GW and RW are the most preferred construction materials with the objective of heat insulation beneath the sidings of indoor and outdoor spaces, roofs, dividing walls with sandwich construction, and doors. Factors that are effective in this preference are the fact that their ignition temperatures are high compared to other materials and that their heat conductivity coefficients are low (Stec and Hull 2011). Due to these characteristics, it was thought that the mixture of these materials in certain ratios in the PBs would increase the fire resistance values of PBs. Accordingly, in this study it was aimed to determine the effect of using GW and RW in the ratios of 10%, 15%, or 20% as an additive and UF and MF as a binder on some burning properties of PB such as ignition time, flaming combustion temperature, flaming combustion duration, smoldering combustion duration, and loss of mass.

MATERIALS AND METHODS

Materials

Particles

The particles used in the production of boards that would be used in the tests were taken from the PB factory that had been dried to a moisture content of 1.5 to 3.0%. The particles were composed of 50% Crimean pine (Pinus nigra), 30% Eastern Black Sea oak (Quercus pontica), 15% quaking aspen (Populus tremula), and 5% industrial wood shavings. There was no bark in the mixture. The thicknesses of the particles were between 0.3 mm and 0.5 mm, widths between 2.10 mm and 3.85 mm, and lengths between 2.10 mm and 10.45 mm.
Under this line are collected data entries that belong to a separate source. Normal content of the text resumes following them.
(* Let $k\ge 4$, $n=2k-1$, $\eta=(\eta_1<\dots<\eta_l)\in\mathbb{D}_k\setminus\{(3,k-3)\}$, and let $Y_{2\eta^*}$ be the Young diagram whose main diagonal consists of exactly the cells $c_{1,1},\dots,c_{l+1,l+1}$ and which satisfies $h_{1,1}=2n-4$, $h_{i,i}=2\eta_{l-(i-2)}$ for $2\le i\le l+1$, and $a(c_{i,i})=l(c_{i,i})+1$ for $1\le i\le l+1$. Let $\lambda$ be the partition whose parts are the hook lengths of the first-column cells of $Y_{2\eta^*}$. Then: (1) $\lambda$ has exactly $n-2$ parts; (2) its largest part is $\lambda_{n-2}=2n-4$; (3) its number of missing parts is $\#\mathcal{M}_\lambda=n-2$.
   Context: $\mathbb{D}_N$ is the set of partitions of $N$ into distinct parts, i.e. sequences $(\eta_1<\dots<\eta_l)$ of positive integers with sum $N$ and $l\ge 2$. For a partition $\lambda=(\lambda_1<\dots<\lambda_t)$ into distinct parts, $\mathcal{M}_\lambda=\{1,\dots,\lambda_t\}\setminus\{\lambda_1,\dots,\lambda_t\}$. Young diagrams are in English convention: rows top to bottom, columns left to right, $c_{i,j}$ the cell in row $i$, column $j$; arm $a(c_{i,j})$ = number of cells to its right in its row, leg $l(c_{i,j})$ = number of cells below it in its column, hook length $h_{i,j}=a+l+1$. *)

(* Young diagrams as sequences of row lengths (English convention),
   cells indexed 1-based: c_{i,j} = row i, column j. *)
From mathcomp Require Import all_boot.
Set Implicit Arguments. Unset Strict Implicit. Unset Printing Implicit Defensive.

Definition is_young (Y : seq nat) : bool := sorted geq Y && all (fun r => 0 < r) Y.

(* length of row i (1-based); 0 if the row does not exist *)
Definition row_len (Y : seq nat) (i : nat) : nat := nth 0 Y i.-1.
Definition col_len (Y : seq nat) (j : nat) : nat := count (fun r => j <= r) Y.

Definition in_cell (Y : seq nat) (i j : nat) : bool :=
  [&& 0 < i, 0 < j & j <= row_len Y i].

Definition arm (Y : seq nat) (i j : nat) : nat := row_len Y i - j.
Definition leg (Y : seq nat) (i j : nat) : nat := col_len Y j - i.
Definition hook (Y : seq nat) (i j : nat) : nat := arm Y i j + leg Y i j + 1.

Definition in_D (N : nat) (eta : seq nat) : bool :=
  [&& sorted ltn eta, all (fun x => 0 < x) eta, sumn eta == N & 2 <= size eta].

Definition part (eta : seq nat) (i : nat) : nat := nth 0 eta i.-1.

Definition is_Y2eta (n : nat) (eta : seq nat) (Y : seq nat) : Prop :=
  let l := size eta in
  [/\ is_young Y,
      (forall i, 0 < i -> in_cell Y i i = (i <= l.+1)),
      hook Y 1 1 = 2 * n - 4,
      (forall i, 2 <= i <= l.+1 -> hook Y i i = 2 * part eta (l - (i - 2))) &
      (forall i, 1 <= i <= l.+1 -> arm Y i i = leg Y i i + 1)].

(* the partition (increasing order lambda_1 < ... < lambda_t) whose parts are the
   hook lengths of the first-column cells of Y *)
Definition first_col_hooks (Y : seq nat) : seq nat :=
  rev [seq hook Y i 1 | i <- iota 1 (size Y)].

Definition missing (lam : seq nat) : seq nat :=
  [seq m <- iota 1 (last 0 lam) | m \notin lam].

From mathcomp Require Import all_boot zify.

(* Parts (1)-(3) only use that Y is a Young diagram with
   a(c_{1,1}) = l(c_{1,1}) + 1.  If Y has N rows, its first row then has
   N + 1 cells, so h_{1,1} = 2N and N = n - 2.  The first-column hooks
   h_{i,1} = (length of row i) + N - i strictly decrease from
   h_{1,1} = 2n - 4, so lambda has n - 2 distinct parts in [1, 2n - 4] and
   exactly n - 2 values are missing.  Such a Y exists: prescribe weakly
   decreasing lengths c_1 >= ... >= c_{l+1} >= l + 1 of the first l + 1
   columns, give row i <= l + 1 the length c_i + 1, and fill the rows below
   so that the first l + 1 columns have the prescribed lengths. *)

Lemma nth_leq_sumn (s : seq nat) i : nth 0 s i <= sumn s.
Proof.
elim: s i => [|x s IH] [|i] //=; first exact: leq_addr.
exact: leq_trans (IH i) (leq_addl _ _).
Qed.

Lemma count_leq_iota m N : m <= N -> count (fun i => i <= m) (iota 1 N) = m.
Proof.
move=> le_mN; rewrite -(subnKC le_mN) iotaD count_cat.
rewrite (eq_in_count (a2 := predT)) ?count_predT ?size_iota; last first.
  by move=> i; rewrite mem_iota /=; lia.
rewrite (eq_in_count (a2 := pred0)) ?count_pred0 ?addn0 //.
by move=> i; rewrite mem_iota /=; lia.
Qed.

Lemma count_iota_downclosed (P : pred nat) d j :
  (forall a b, 0 < a <= b -> b <= d -> P b -> P a) -> 0 < j <= d ->
  (j <= count P (iota 1 d)) = P j.
Proof.
move=> P_down j_in; case Pj: (P j).
  have P_prefix : all P (iota 1 j).
    by apply/allP => a; rewrite mem_iota => a_in; apply: (P_down a j) => //; lia.
  move: P_prefix; rewrite all_count size_iota => /eqP count_prefix.
  rewrite -(subnKC (_ : j <= d)); last lia.
  by rewrite iotaD count_cat count_prefix leq_addr.
have noP_suffix : ~~ has P (iota j (d - j.-1)).
  apply/hasPn => b; rewrite mem_iota => b_in; apply/negP => Pb.
  by move: Pj; rewrite (P_down j b) //; lia.
rewrite -(subnKC (_ : j.-1 <= d)); last lia.
rewrite iotaD count_cat (_ : 1 + j.-1 = j); last lia.
move: noP_suffix; rewrite has_count -leqNgt leqn0 => /eqP->.
by have := count_size P (iota 1 j.-1); rewrite size_iota; lia.
Qed.

Lemma size_missing (lam : seq nat) :
  sorted ltn lam -> all (fun x => 0 < x) lam ->
  size (missing lam) = last 0 lam - size lam.
Proof.
rewrite ltn_sorted_uniq_leq => /andP[lam_uniq lam_sorted] lam_pos.
have lam_le_last x : x \in lam -> x <= last 0 lam.
  move=> x_lam; rewrite -nth_last -(nth_index 0 x_lam).
  have ix : index x lam < size lam by rewrite index_mem.
  by apply: (sorted_leq_nth leq_trans leqnn) => //; rewrite ?inE /=; lia.
have lam_in_iota : lam =i [seq m <- iota 1 (last 0 lam) | m \in lam].
  move=> x; rewrite mem_filter mem_iota.
  have [x_lam|//] := boolP (x \in lam).
  by rewrite (allP lam_pos x x_lam) add1n ltnS lam_le_last.
have size_lam : size lam = count (fun m => m \in lam) (iota 1 (last 0 lam)).
  by rewrite -size_filter; apply/perm_size/uniq_perm; rewrite ?filter_uniq ?iota_uniq.
have split_iota : count (fun m => m \in lam) (iota 1 (last 0 lam))
    + count (fun m => m \notin lam) (iota 1 (last 0 lam)) = last 0 lam.
  by rewrite count_predC size_iota.
by rewrite /missing size_filter -[in RHS]split_iota size_lam addKn.
Qed.

Section FirstColumnHooks.
Variable Y : seq nat.
Hypothesis Y_young : is_young Y.

Lemma row_len_nonincr i j : i <= j -> row_len Y j <= row_len Y i.
Proof.
move=> le_ij; rewrite /row_len.
have [j_in|j_out] := ltnP j.-1 (size Y); last by rewrite nth_default.
case/andP: Y_young => Y_sorted _.
apply: (sorted_leq_nth (fun _ _ _ h1 h2 => leq_trans h2 h1) leqnn) => //;
  rewrite ?inE /=; lia.
Qed.

Lemma row_len_gt0 i : 0 < i <= size Y -> 0 < row_len Y i.
Proof.
move=> i_in; case/andP: Y_young => _ /(all_nthP 0); apply; rewrite -subn1; lia.
Qed.

Lemma col_len1 : col_len Y 1 = size Y.
Proof. by apply/eqP; rewrite -all_count; case/andP: Y_young. Qed.

Lemma hook_first_col i : 0 < i <= size Y -> hook Y i 1 = row_len Y i + size Y - i.
Proof.
by move=> i_in; have := row_len_gt0 _ i_in; rewrite /hook /arm /leg col_len1; lia.
Qed.

Lemma first_col_hooks_sorted : sorted ltn (first_col_hooks Y).
Proof.
rewrite /first_col_hooks rev_sorted.
apply: (homo_sorted_in (P := [pred i | 0 < i <= size Y])); last first.
- exact: iota_ltn_sorted.
- by apply/allP => i; rewrite mem_iota inE; lia.
move=> i j /[!inE] i_in j_in lt_ij /=.
rewrite !hook_first_col //; have := row_len_nonincr _ _ (ltnW lt_ij).
have := row_len_gt0 _ j_in; lia.
Qed.

Lemma first_col_hooks_gt0 : all (fun x => 0 < x) (first_col_hooks Y).
Proof. by rewrite all_rev all_map; apply/allP => i _ /=; rewrite /hook addn1. Qed.

Lemma size_first_col_hooks : size (first_col_hooks Y) = size Y.
Proof. by rewrite size_rev size_map size_iota. Qed.

Lemma last_first_col_hooks : 0 < size Y -> last 0 (first_col_hooks Y) = hook Y 1 1.
Proof.
by rewrite /first_col_hooks; case: (size Y) => //= N _; rewrite rev_cons last_rcons.
Qed.

Lemma hook11_of_arm_leg : arm Y 1 1 = leg Y 1 1 + 1 -> hook Y 1 1 = (size Y).*2.
Proof.
rewrite /hook /arm /leg col_len1 -addnn.
have [Y0|Y_gt0] := posnP (size Y); first by rewrite Y0 /row_len; case: Y Y0.
by have := row_len_gt0 1; lia.
Qed.

End FirstColumnHooks.

Section DiagramFromColumns.
Variables (d : nat) (c : nat -> nat).
Hypothesis d_gt0 : 0 < d.
Hypothesis c_nonincr : forall i j, 0 < i <= j -> j <= d -> c j <= c i.
Hypothesis c_ge_d : forall j, 0 < j <= d -> d <= c j.

(* The diagram with Frobenius coordinates (c_i + 1 - i | c_i - i), 1 <= i <= d. *)
Definition frob_row (i : nat) : nat :=
  if i <= d then (c i).+1 else count (fun j => i <= c j) (iota 1 d).

Definition frob_diagram : seq nat := map frob_row (iota 1 (c 1)).

Lemma frob_row_low i j : d < i -> 0 < j <= d -> (j <= frob_row i) = (i <= c j).
Proof.
move=> lt_di j_in; rewrite /frob_row (ltn_geF lt_di).
apply: count_iota_downclosed => // a b a_le_b b_le_d /= le_i_cb.
by apply: leq_trans le_i_cb (c_nonincr _ _ a_le_b b_le_d).
Qed.

Lemma frob_row_le_d i : d < i -> frob_row i <= d.
Proof.
move=> lt_di; rewrite /frob_row (ltn_geF lt_di).
by have := count_size (fun j => i <= c j) (iota 1 d); rewrite size_iota.
Qed.

Lemma frob_row_nonincr i j : 0 < i <= j -> frob_row j <= frob_row i.
Proof.
move=> i_le_j; have [j_le_d|lt_dj] := leqP j d.
  by rewrite /frob_row j_le_d (_ : i <= d) ?ltnS ?c_nonincr //; lia.
have [i_le_d|lt_di] := leqP i d.
  have d_le_ci : d <= c i by apply: c_ge_d; lia.
  by rewrite [frob_row i]/frob_row i_le_d; have := frob_row_le_d _ lt_dj; lia.
rewrite /frob_row (ltn_geF lt_dj) (ltn_geF lt_di).
by apply: sub_count => a /=; lia.
Qed.

Lemma frob_row_gt0 i : 0 < i <= c 1 -> 0 < frob_row i.
Proof.
move=> i_in; have [i_le_d|lt_di] := leqP i d; first by rewrite /frob_row i_le_d.
by rewrite frob_row_low //; lia.
Qed.

Lemma row_len_frob i : 0 < i <= c 1 -> row_len frob_diagram i = frob_row i.
Proof.
move=> i_in; rewrite /row_len /frob_diagram (nth_map 0) ?size_iota ?nth_iota;
  rewrite -?subn1; try lia.
by congr frob_row; lia.
Qed.

Lemma frob_diagram_young : is_young frob_diagram.
Proof.
apply/andP; split.
  apply: (homo_sorted_in (P := [pred i | 0 < i])) (iota_sorted 1 _).
  - by move=> i j /[!inE] i_gt0 _ /= le_ij; apply: frob_row_nonincr; lia.
  - by apply/allP => i; rewrite mem_iota inE; lia.
apply/allP => r /mapP[i]; rewrite mem_iota => i_in ->.
by apply: frob_row_gt0; lia.
Qed.

Lemma col_len_frob j : 0 < j <= d -> col_len frob_diagram j = c j.
Proof.
move=> j_in; have cj_le_c1 : c j <= c 1 by apply: c_nonincr; lia.
rewrite /col_len count_map -(count_leq_iota _ _ cj_le_c1).
apply: eq_in_count => i; rewrite mem_iota => i_in /=.
have [i_le_d|lt_di] := leqP i d; last exact: frob_row_low _ _ lt_di j_in.
have d_le_ci : d <= c i by apply: c_ge_d; lia.
have d_le_cj : d <= c j by apply: c_ge_d; lia.
by rewrite /frob_row i_le_d; apply/idP/idP => _; lia.
Qed.

Lemma in_cell_frob_diag i : 0 < i -> in_cell frob_diagram i i = (i <= d).
Proof.
move=> i_gt0; rewrite /in_cell i_gt0 /=.
have [i_le_d|lt_di] := leqP i d.
  have d_le_ci : d <= c i by apply: c_ge_d; lia.
  have d_le_c1 : d <= c 1 by apply: c_ge_d; lia.
  rewrite row_len_frob /frob_row ?i_le_d.
    by rewrite leqW // (leq_trans i_le_d d_le_ci).
  by rewrite i_gt0 (leq_trans i_le_d d_le_c1).
apply/negbTE; rewrite -ltnNge.
have [i_le_c1|lt_c1i] := leqP i (c 1).
  by rewrite row_len_frob ?i_gt0 //; apply: leq_ltn_trans (frob_row_le_d _ lt_di) _.
by rewrite /row_len nth_default // size_map size_iota -subn1; lia.
Qed.

Lemma arm_frob_diag i : 0 < i <= d -> arm frob_diagram i i = (c i).+1 - i.
Proof.
move=> i_in; have d_le_c1 : d <= c 1 by apply: c_ge_d; lia.
have i_le_d : i <= d by lia.
by rewrite /arm row_len_frob /frob_row ?i_le_d //; lia.
Qed.

Lemma leg_frob_diag i : 0 < i <= d -> leg frob_diagram i i = c i - i.
Proof. by move=> i_in; rewrite /leg col_len_frob. Qed.

End DiagramFromColumns.

(* With arm c_i + 1 - i and leg c_i - i the diagonal hook is 2 (c_i - i + 1),
   which these column lengths make equal to 2n - 4 and 2 eta_{l-(i-2)}. *)
Definition Y2eta_col (n : nat) (eta : seq nat) (i : nat) : nat :=
  if i == 1 then n - 2 else part eta (size eta - (i - 2)) + i - 1.

Section Y2etaColumns.
Variables (k : nat) (eta : seq nat).
Hypothesis k_ge4 : 4 <= k.
Hypothesis eta_D : in_D k eta.
Local Notation l := (size eta).
Local Notation c := (Y2eta_col (2 * k - 1) eta).

Lemma Y2eta_col_step i : 0 < i <= l -> c i.+1 <= c i.
Proof.
case/and4P: eta_D => eta_sorted _ /eqP eta_sum l_ge2 /andP[i_gt0 i_le_l].
rewrite /Y2eta_col /part eqSS (negbTE (lt0n_neq0 i_gt0)).
case: (i =P 1) => [->|/eqP i_ne1] /=.
  by have := nth_leq_sumn eta l.-1; rewrite eta_sum subnn subn0 -subn1; lia.
have i_ge2 : 1 < i by rewrite ltn_neqAle eq_sym i_ne1.
have : nth 0 eta (l - i) < nth 0 eta (l - i).+1.
  by apply: (sorted_ltn_nth ltn_trans) => //; rewrite inE /=; lia.
rewrite -!subn1 (_ : l - (i.+1 - 2) - 1 = l - i); last lia.
by rewrite (_ : l - (i - 2) - 1 = (l - i).+1); lia.
Qed.

Lemma Y2eta_col_nonincr i j : 0 < i <= j -> j <= l.+1 -> c j <= c i.
Proof.
move=> i_le_j j_le; apply: (homo_leq_in (D := [pred i | 0 < i <= l.+1])
  (r := fun x y => y <= x)) => //; rewrite ?inE; try lia.
- by move=> a b a_in b_in m; rewrite !inE in a_in b_in *; lia.
- by move=> a a_in Sa_in; rewrite !inE in a_in Sa_in; apply: Y2eta_col_step; lia.
Qed.

Lemma Y2eta_col_ge j : 0 < j <= l.+1 -> l.+1 <= c j.
Proof.
case/and4P: eta_D => _ eta_pos _ l_ge2 j_in.
apply: leq_trans (Y2eta_col_nonincr _ _ j_in (leqnn _)).
have : 0 < part eta 1 by apply: (all_nthP 0 eta_pos); lia.
have l_gt0 : 0 < l := ltnW l_ge2.
by rewrite /Y2eta_col eqSS (negbTE (lt0n_neq0 l_gt0)) subSS subKn //; lia.
Qed.

End Y2etaColumns.

Lemma frob_diagram_Y2eta k eta : 4 <= k -> in_D k eta ->
  let n := 2 * k - 1 in
  is_Y2eta n eta (frob_diagram (size eta).+1 (Y2eta_col n eta)).
Proof.
move=> k_ge4 eta_D n; rewrite {}/n.
have c_nonincr := @Y2eta_col_nonincr k eta k_ge4 eta_D.
have c_ge := @Y2eta_col_ge k eta k_ge4 eta_D.
set d := (size eta).+1 in c_nonincr c_ge *.
set c := Y2eta_col _ eta in c_nonincr c_ge *.
have d_gt0 : 0 < d by [].
have arm_ii := @arm_frob_diag d c d_gt0 c_ge.
have leg_ii := @leg_frob_diag d c d_gt0 c_nonincr c_ge.
split.
- exact: @frob_diagram_young d c d_gt0 c_nonincr c_ge.
- exact: @in_cell_frob_diag d c d_gt0 c_ge.
- by rewrite /hook arm_ii ?leg_ii // /c /Y2eta_col /=; lia.
- move=> i i_in; have := c_ge i; rewrite /hook arm_ii ?leg_ii; try lia.
  by rewrite /c /Y2eta_col ifN_eqC; lia.
- by move=> i i_in; have := c_ge i; rewrite arm_ii ?leg_ii; lia.
Qed.

Theorem corollary3p16 (k : nat) (eta : seq nat) :
  4 <= k ->
  in_D k eta ->
  eta != [:: 3; k - 3] ->
  let n := 2 * k - 1 in
  (exists Y, is_Y2eta n eta Y) /\
  (forall Y, is_Y2eta n eta Y ->
     let lam := first_col_hooks Y in
     [/\ size lam = n - 2,
         nth 0 lam (n - 2).-1 = 2 * n - 4 &
         size (missing lam) = n - 2]).
Proof.
move=> k_ge4 eta_D _ n; split.
  by exists (frob_diagram (size eta).+1 (Y2eta_col n eta)); exact: frob_diagram_Y2eta.
move=> Y [Y_young _ hook11 _ arm_leg] lam.
have size_Y : size Y = n - 2.
  by have := @hook11_of_arm_leg Y Y_young (arm_leg 1 isT); rewrite hook11 -muln2; lia.
have size_lam : size lam = n - 2 by rewrite size_first_col_hooks.
have last_lam : last 0 lam = 2 * n - 4.
  by rewrite last_first_col_hooks // size_Y; lia.
split => //; first by rewrite -size_lam nth_last.
rewrite size_missing ?first_col_hooks_sorted ?first_col_hooks_gt0 //.
by rewrite last_lam size_lam; lia.
Qed.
Binders of urea formaldehyde (UF) and melamine formaldehyde (MF)

The density of urea formaldehyde was 1.24 g/cm³ at 20 °C, pH value 8.1, viscosity 170 centipoises and amount of solid material was 55%. The density of melamine formaldehyde was 1.22 g/cm³ at 20 °C, pH value 9.0, viscosity 150 cPs, and amount of solid material was 54%.

Glass wool (GW) and rock wool (RW)

The heat conductivity resistance of glass wool used as an additive material in the production of PBs was 0.045 W/mK, heat conduction coefficient was 0.028 kcal/mh °C at 0 °C, heat conduction coefficient was 0.065 kcal/mh °C at 450 °C, fiber diameter interval was 3 to 40 microns, and the specific heat was 0.19 kcal/kg °C. The heat conductivity resistance of rock wool used as an additive material in the production of PBs was 0.039 W/mK, heat conduction coefficient was 0.039 kcal/mh °C at 10 °C, and the density was 150 kg/m³.
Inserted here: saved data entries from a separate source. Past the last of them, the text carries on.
(* Given $\xi_2\in\mathbb{R}$, write $\xi_2=m+\theta$ with $m\in\mathbb{Z}$, $-\tfrac12\le\theta<\tfrac12$. Let $\eta>1$. Then there is a constant $C_\eta$ such that for all $f\in\mathcal S_\eta(\mathbb{R})$, all $y\ge\tfrac12$ and all $x,\phi\in\mathbb{R}$, $\xi_1\in\mathbb{R}$, $\zeta\in\mathbb{R}$, \[\Big|\Theta_f(x+iy,\phi;\xi,\zeta)-y^{1/4}e\Big(\zeta+\frac{(m-\theta)\xi_1+\theta^2x}{2}\Big)f_\phi(-\theta y^{1/2})\Big|\le C_\eta\,\kappa_\eta(f)\,y^{-(2\eta-1)/4}.\]
   Context: $e(x)=e^{2\pi ix}$, $\xi=(\xi_1,\xi_2)$. For $f:\mathbb{R}\to\mathbb{R}$ and $\phi\in\mathbb{R}$: $f_\phi=f$ if $\phi\equiv0\bmod2\pi$; $f_\phi(w)=e(-1/4)f(-w)$ if $\phi\equiv\pi\bmod2\pi$; otherwise $f_\phi(w)=e(-\sigma_\phi/8)|\sin\phi|^{-1/2}\int_\mathbb{R}e\big(\frac{\frac12(w^2+w'^2)\cos\phi-ww'}{\sin\phi}\big)f(w')dw'$ with $\sigma_\phi=2\nu+1$ for $\nu\pi<\phi<(\nu+1)\pi$, $\nu\in\mathbb{Z}$. $\kappa_\eta(f)=\sup_{w,\phi}|f_\phi(w)|(1+|w|)^\eta$ and $\mathcal S_\eta(\mathbb{R})=\{f:\mathbb{R}\to\mathbb{R}:\kappa_\eta(f)<\infty\}$. For $f\in\mathcal S_\eta$, $\eta>1$: $\Theta_f(x+iy,\phi;\xi,\zeta)=y^{1/4}e(\zeta-\tfrac12\xi_1\xi_2)\sum_{n\in\mathbb{Z}}f_\phi((n-\xi_2)y^{1/2})e(\tfrac12(n-\xi_2)^2x+n\xi_1)$. *)

From HB Require Import structures.
From mathcomp Require Import all_boot all_order all_algebra.
From mathcomp Require Import all_classical all_reals all_analysis.
From mathcomp Require Import complex.
Set Implicit Arguments. Unset Strict Implicit. Unset Printing Implicit Defensive.
Import Order.TTheory GRing.Theory Num.Theory.
Import numFieldNormedType.Exports.
Local Open Scope classical_set_scope.
Local Open Scope ring_scope.
Local Open Scope complex_scope.
Lemma deg_cedges c v : uniq c -> deg (cedges c) v = 2 * (v \in c).
Proof.
move=> uc; have /tuple_uniqP tnth_inj := uc; rewrite /deg.
have -> : [set e in cedges c | v \in e] = cedge c @: [set i | v \in cedge c i].
  apply/setP => e; rewrite inE; apply/andP/imsetP => [[/imsetP[i _ ->] vi]|[i]].
    by exists i => //; rewrite inE.
  by rewrite inE => vi ->; rewrite cedge_in.
rewrite card_imset; last exact: cedge_inj.
have [/tnthP[i0 ->]|vNc] := boolP (v \in c); last first.
  rewrite muln0; apply/eqP; rewrite cards_eq0; apply/eqP/setP => i; rewrite !inE.
  by apply/negbTE; apply: contra vNc => /orP[]/eqP ->; apply: mem_tnth.
have -> : [set i | tnth c i0 \in cedge c i] = [set i0; ord_pred i0].
  apply/setP => i; rewrite !inE !(inj_eq tnth_inj) ![i0 == _]eq_sym.
  by rewrite (can2_eq (@ordSK 8) (@ord_predK 8)).
rewrite cards2; case: eqP => // /(congr1 (@ordS 8)); rewrite ord_predK => Ei0.
by move: (ordS8_neq i0); rewrite Ei0 eqxx.
Qed.

End CycleEdges.

Section LeaveLowerBound.
Variable n : nat.
Implicit Types (v : 'I_n) (A U : {set {set 'I_n}}).

Lemma deg_Kedges v : deg (Kedges n) v = n.-1.
Proof.
rewrite /deg; have -> : [set e in Kedges n | v \in e] = (fun u => [set v; u]) @: [set~ v].
  apply/setP => e; rewrite inE; apply/andP/imsetP => [[]|[u]].
    rewrite inE => /cards2P[x [y [xy ->]]]; rewrite !inE => /orP[]/eqP ->.
      by exists y; rewrite ?inE // eq_sym.
    by exists x; rewrite ?inE // setUC.
  rewrite !inE => uv ->; split; last by rewrite set21.
  by rewrite cards2 (eq_sym v) uv.
rewrite card_in_imset ?cardsC1 ?card_ord // => u w; rewrite !inE => _ wv Euw.
by have := set22 v w; rewrite -Euw !inE (negbTE wv) => /eqP.
Qed.

Lemma deg_setD A U v : U \subset A -> deg A v = deg (A :\: U) v + deg U v.
Proof.
move=> UA; rewrite /deg -cardsUI.
have -> : [set e in A :\: U | v \in e] :&: [set e in U | v \in e] = set0.
  by apply/setP => e; rewrite !inE; case: (e \in U); rewrite ?andbF.
rewrite cards0 addn0; apply: eq_card => e; rewrite !inE.
by case eU: (e \in U); rewrite ?(subsetP UA e eU) ?andbF ?orbF.
Qed.

Lemma deg_bigcup_disjoint (I : finType) (F : I -> {set {set 'I_n}}) v :
  (forall i j, i != j -> [disjoint F i & F j]) ->
  deg (\bigcup_i F i) v = \sum_i deg (F i) v.
Proof.
move=> disjF; rewrite /deg -card_bigcup_disjoint.
  apply: eq_card => e; rewrite inE; apply/andP/bigcupP => [[/bigcupP[i _ eFi] ve]|[i _]].
    by exists i; rewrite // inE eFi.
  by rewrite inE => /andP[eFi ve]; split => //; apply/bigcupP; exists i.
move=> i j /disjF; apply: disjointW; by apply/subsetP => e; rewrite inE => /andP[].
Qed.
Automatic Laboratory Press

The HURSAN T100 brand automatic laboratory press was used for compressing PB draft specimens under the influence of heat and pressure. The dimensions of the flat surface of the press were 60 by 60 cm², temperature interval was 0 to 250 °C, and the pressure capacity was 250 bars.

Testing Cabinet

A testing cabinet (Fig. 1) with a volume of 800 x 800 x 1450 mm³ was used in the determination of some burning values of the specimens in accordance with the DIN 4102 standards and that could measure the flame height values with the help of heat and scales with thermo elements.

Fig. 1. Testing Cabinet

Preparation of the Specimens

The target density of PBs were projected as 0.64 g/cm³ by taking into account PBs on the market. By accepting pressing area as 50×50 cm² and thickness of PB as 16 mm, it was found that total particles, additive material, and amount of adhesive that would be used as the mixture was 2,560 g. The adhesive amount of the mixture was determined to be 10% (256 g) by taking into consideration the proposals and application values in the literature. Whereas, the amount of particles used were decreased in accordance with the ratio of use of the additive material.
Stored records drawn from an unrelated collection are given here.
Lemma bourne_projP x y : bourne_proj x = bourne_proj y <-> bourne x y.
Proof.
by split=> [/(@eqquotP _ _ bourne_quot)/asboolP | /asboolP/(@eqquotP _ _ bourne_quot)].
Qed.

Lemma bourne_repr x : bourne (repr (bourne_proj x)) x.
Proof. by apply/bourne_projP; rewrite /bourne_proj reprK. Qed.

Definition bourne_add := lift_op2 bourne_quot +%R.

Lemma pi_bourne_add : {morph \pi_bourne_quot : x y / x + y >-> bourne_add x y}.
Proof.
move=> x y; unlock bourne_add; apply/bourne_projP.
exact/bourne_sym/bourneD/bourne_repr/bourne_repr.
Qed.
Canonical pi_bourne_add_morph := PiMorph2 pi_bourne_add.

Definition bourne_scale a := lift_op1 bourne_quot ( *:%R a).

Lemma pi_bourne_scale a : {morph \pi_bourne_quot : x / a *: x >-> bourne_scale a x}.
Proof.
move=> x; unlock bourne_scale; apply/bourne_projP.
exact/bourne_sym/bourneZ/bourne_repr.
Qed.
Canonical pi_bourne_scale_morph a := PiMorph1 (pi_bourne_scale a).

Definition bourne_zero : bourne_quot := \pi 0.

Lemma bourne_addA : associative bourne_add.
Proof. by do 3!elim/quotW=> ?; rewrite !piE addrA. Qed.
Lemma bourne_addC : commutative bourne_add.
Proof. by do 2!elim/quotW=> ?; rewrite !piE addrC. Qed.
Lemma bourne_add0 : left_id bourne_zero bourne_add.
Proof. by elim/quotW=> ?; rewrite !piE add0r. Qed.
HB.instance Definition _ :=
  GRing.isNmodule.Build bourne_quot bourne_addA bourne_addC bourne_add0.

Lemma bourne_scaleA a b x : bourne_scale a (bourne_scale b x) = bourne_scale (a * b) x.
Proof. by elim/quotW: x => x; rewrite !piE scalerA. Qed.
Lemma bourne_scale0 x : bourne_scale 0 x = 0.
Proof. by elim/quotW: x => x; rewrite !piE scale0r. Qed.
Lemma bourne_scale1 : left_id 1 bourne_scale.
Proof. by elim/quotW=> x; rewrite !piE scale1r. Qed.
Lemma bourne_scaleDr : right_distributive bourne_scale +%R.
Proof. by move=> a; do 2!elim/quotW=> ?; rewrite !piE scalerDr. Qed.
Lemma bourne_scaleDl x : {morph bourne_scale^~ x : a b / a + b}.
Proof. by elim/quotW: x => x a b; rewrite !piE scalerDl. Qed.
HB.instance Definition _ := GRing.Nmodule_isLSemiModule.Build S bourne_quot
  bourne_scaleA bourne_scale0 bourne_scale1 bourne_scaleDr bourne_scaleDl.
The pressing process was applied at a temperature of 150 ºC under a pressure of 30 kg/cm² and for a period of 10 min to the rock wool and glass wool in the form of a sheet in order to transform it into fiber. Subsequently, the fiber process was made with a mixer for duration of 15 min. The particle and additive materials in varying amounts according to the ratios of 10%, 15%, and 20% additive materials were weighed with a scale having a sensitivity of 0.01 g and were mixed manually until the mixture was homogenized. Urea or melamine formaldehyde adhesives were added to the mixture with a spray gun. The mats were spread on a steel plate that was brushed with Vaseline to prevent surface bonding with the help of a template in a manner that would form a 50 by 50 cm² surface area and the draft specimens were formed by smoothing the surface. After this process, the template surrounding the draft specimens was removed, Vaseline was spread on a single side of the upper surface, and the draft specimen was made ready for pressing by placing on the steel plate.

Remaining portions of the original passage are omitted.